As in previously published work, based on the so-called relative expression factor,^5a the highest relative protein expression was observed for OATP1B1. The large variability in OATP1B1 expression between donors (Figure 10a) could be a result of variable expression due to common genetic variants of this protein.^19,35 This is in line with previous studies, where similar interindividual variations in human liver OATP expression have been reported.^1b,36 In addition, the protein expression levels obtained using targeted protein quantification were in reasonably good agreement with these reports.^1b,36

Because we identified atorvastatin as a substrate of all three OATPs in this study, we could compare the uptake clearance values of the three OATP transporters in vitro. As can be seen in Table 2, OATP2B1 transported atorvastatin with the highest efficiency (V_max/K_m) in vitro. This is presumably due to a high OATP2B1 expression in the in vitro cell model. When taking the MTA into account to calculate intrinsic uptake clearance in the human liver, the contribution of OATP2B1 mediated transport to the overall uptake clearance of atorvastatin was however reduced to a minimum.
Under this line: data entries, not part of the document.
Lemma impl_nonempty k u v : exists z, impl P k u v z.
Proof.
  destruct k; simpl.
  - apply (minU_pair_exists P HL).
  - apply implK_nonempty.
  - apply implK_nonempty.
  - destruct (maxL_pair_exists P HL u v) as [m Hm].
    destruct (HO (cmp u) m) as [z Hz]; [apply cmp_antitone, (proj1 Hm); left; reflexivity |].
    exists z, (cmp u), m. split; [reflexivity | auto].
  - destruct (maxL_pair_exists P HL (cmp u) (cmp v)) as [m Hm].
    destruct (HO v m) as [z Hz]; [apply le_cmp_sym, (proj1 Hm); right; reflexivity |].
    exists z, v, m. split; [reflexivity | auto].
Qed.

Lemma implK_le_cmp_le x y z : le x y -> implK P x y z -> le (cmp z) z.
Proof.
  intros Hxy [j [d [[a [b [Ha [Hb Hj]]]] [[x' [c [Hx' [Hc Hd]]]] Hz]]]].
  unfold sing in Hx'. subst x'.
  rewrite (maxL_pair_ge P _ _ (cmp_antitone P _ _ Hxy) b Hb) in Hj.
  assert (Hxc : le x c).
  { apply (le_trans P _ y); [exact Hxy | apply (proj1 Hc); right; reflexivity]. }
  rewrite (is_meet_unique P _ _ _ _ Hd (is_meet_le P _ _ Hxc)) in Hz.
  destruct Hz as [Hjz [Hxz _]]. destruct Hj as [Haj [Hyj _]].
  assert (Haz : le a z) by now apply (le_trans P _ j).
  assert (Hyz : le (cmp y) z) by now apply (le_trans P _ j).
  apply (le_trans P _ a); [| exact Haz].
  (* z' is a lower bound of x' and y, and a <= z = z'', so maximality of a absorbs z'. *)
  apply (maxLc_absorb P HO _ _ _ Ha); [| now rewrite cmpK].
  apply Lc_pair. split; [now apply cmp_antitone | now apply cmp_le_sym].
Qed.

Lemma impl_le_cmp_le k x y z : le x y -> impl P k x y z -> le (cmp z) z.
Proof.
  intros Hxy. destruct k; simpl.
  - intros [Hz _]. apply Uc_pair in Hz as [Hxz Hyz].
    apply (cmp_le_of_ub P x); [now apply (le_trans P _ y) | exact Hxz].
  - now apply implK_le_cmp_le.
  - apply implK_le_cmp_le. now apply cmp_antitone.
  - intros [x' [m [Hx' [Hm [Hxz [Hmz _]]]]]]. unfold sing in Hx'. subst x'.
    rewrite (maxL_pair_le P _ _ Hxy m Hm) in Hmz.
    exact (cmp_le_of_ub P x z Hmz Hxz).
  - intros [y' [m [Hy' [Hm [Hyz [Hmz _]]]]]]. unfold sing in Hy'. subst y'.
    rewrite (maxL_pair_ge P _ _ (cmp_antitone P _ _ Hxy) m Hm) in Hmz.
    exact (cmp_le_of_ub P y z Hyz Hmz).
Qed.

Lemma implK_cmp_self z : le (cmp z) z -> sub_sing P (implK P (cmp z) z) z.
Proof.
  intros Hz. unfold implK. rewrite cmpK.
  apply (setjoin_sub_sing P _ _ z (cmp z)); [| | exact (is_join_ge P _ _ Hz)].
  - apply (setjoin_sub_sing P _ _ z (cmp z)); [| | exact (is_join_ge P _ _ Hz)].
    + exact (maxL_pair_le P _ _ (le_refl P z)).
    + exact (maxL_pair_ge P _ _ Hz).
  - apply (setmeet_sub_sing P _ _ (cmp z) z); [| | exact (is_meet_le P _ _ Hz)].
    + apply sub_sing_sing.
    + exact (minU_pair_le P _ _ (le_refl P z)).
Qed.

Lemma implK_one z : sub_sing P (implK P one z) z.
Proof.
  unfold implK. rewrite cmp1.
  apply (setjoin_sub_sing P _ _ zero z); [| | exact (is_join_le P _ _ (le0x P z))].
  - apply (setjoin_sub_sing P _ _ zero zero); [| | exact (is_join_le P _ _ (le_refl P zero))].
    + exact (maxL_pair_le P _ _ (le0x P z)).
    + exact (maxL_pair_le P _ _ (le0x P (cmp z))).
  - apply (setmeet_sub_sing P _ _ one z); [| | exact (is_meet_ge P _ _ (lex1 P z))].
    + apply sub_sing_sing.
    + exact (minU_pair_le P _ _ (le0x P z)).
Qed.

Lemma impl_cmp_self k z : le (cmp z) z -> sub_sing P (impl P k (cmp z) z) z.
Proof.
  intros Hz. destruct k; simpl.
  - unfold implC. rewrite cmpK. exact (minU_pair_le P _ _ (le_refl P z)).
  - now apply implK_cmp_self.
  - unfold implN. rewrite cmpK. now apply implK_cmp_self.
  - unfold implS. rewrite cmpK.
    apply (setjoin_sub_sing P _ _ z (cmp z)); [apply sub_sing_sing | |].
    + exact (maxL_pair_le P _ _ Hz).
    + exact (is_join_ge P _ _ Hz).
  - unfold implD. rewrite cmpK.
    apply (setjoin_sub_sing P _ _ z (cmp z)); [apply sub_sing_sing | |].
    + exact (maxL_pair_ge P _ _ Hz).
    + exact (is_join_ge P _ _ Hz).
Qed.

Lemma impl_sing_detect k z :
  exists u v, sub_sing P (impl P k u v) z /\ (le u v -> z = one).
Proof.
  destruct k; simpl.
  - exists one, z. split; [| apply le1_eq].
    unfold implC. rewrite cmp1. exact (minU_pair_le P _ _ (le0x P z)).
  - exists one, z. split; [apply implK_one | apply le1_eq].
  - exists (cmp z), zero. split; [| apply cmp_le0_eq1].
    unfold implN. rewrite cmp0, cmpK. apply implK_one.
  - exists one, z. split; [| apply le1_eq]. unfold implS. rewrite cmp1.
    apply (setjoin_sub_sing P _ _ zero z); [apply sub_sing_sing | |].
    + exact (maxL_pair_ge P _ _ (lex1 P z)).
    + exact (is_join_le P _ _ (le0x P z)).
  - exists one, z. split; [| apply le1_eq]. unfold implD. rewrite cmp1.
    apply (setjoin_sub_sing P _ _ z zero); [apply sub_sing_sing | |].
    + exact (maxL_pair_le P _ _ (le0x P (cmp z))).
    + exact (is_join_ge P _ _ (le0x P z)).
Qed.

End Implications.

Theorem theorem10 (P : bposet_inv) (k : impl_kind) :
  orthogonal P -> lub_complete P -> (MPO P k <-> OP P k).
Proof.
  intros HO HL. apply MPO_iff_OP.
  - exact (impl_nonempty P HO HL k).
  - exact (impl_le_cmp_le P HO k).
  - apply impl_cmp_self.
  - apply impl_sing_detect.
Qed.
The impact of a series of inhibitors with different inhibition patterns (IC₅₀ values) on each of the OATPs was markedly altered when the MTA was considered. One such example is erlotinib, where the inhibition of OATP1B1 and OATP1B3 was more significant than the OATP2B1 inhibition in quantitative terms even though erlotinib was identified as an OATP2B1 specific inhibitor (Figure 10d). Importantly, this finding does not preclude the application of erlotinib as a highly specific OATP2B1 inhibitor under controlled in vitro conditions. Note that for the predictions in Figure 10d–e, a fixed concentration of 10 μM was used for all inhibitors. However, if evaluating the risk of clinical DDIs, unbound plasma concentrations in vivo are the most accurate input variables to use (cf. ref (2)).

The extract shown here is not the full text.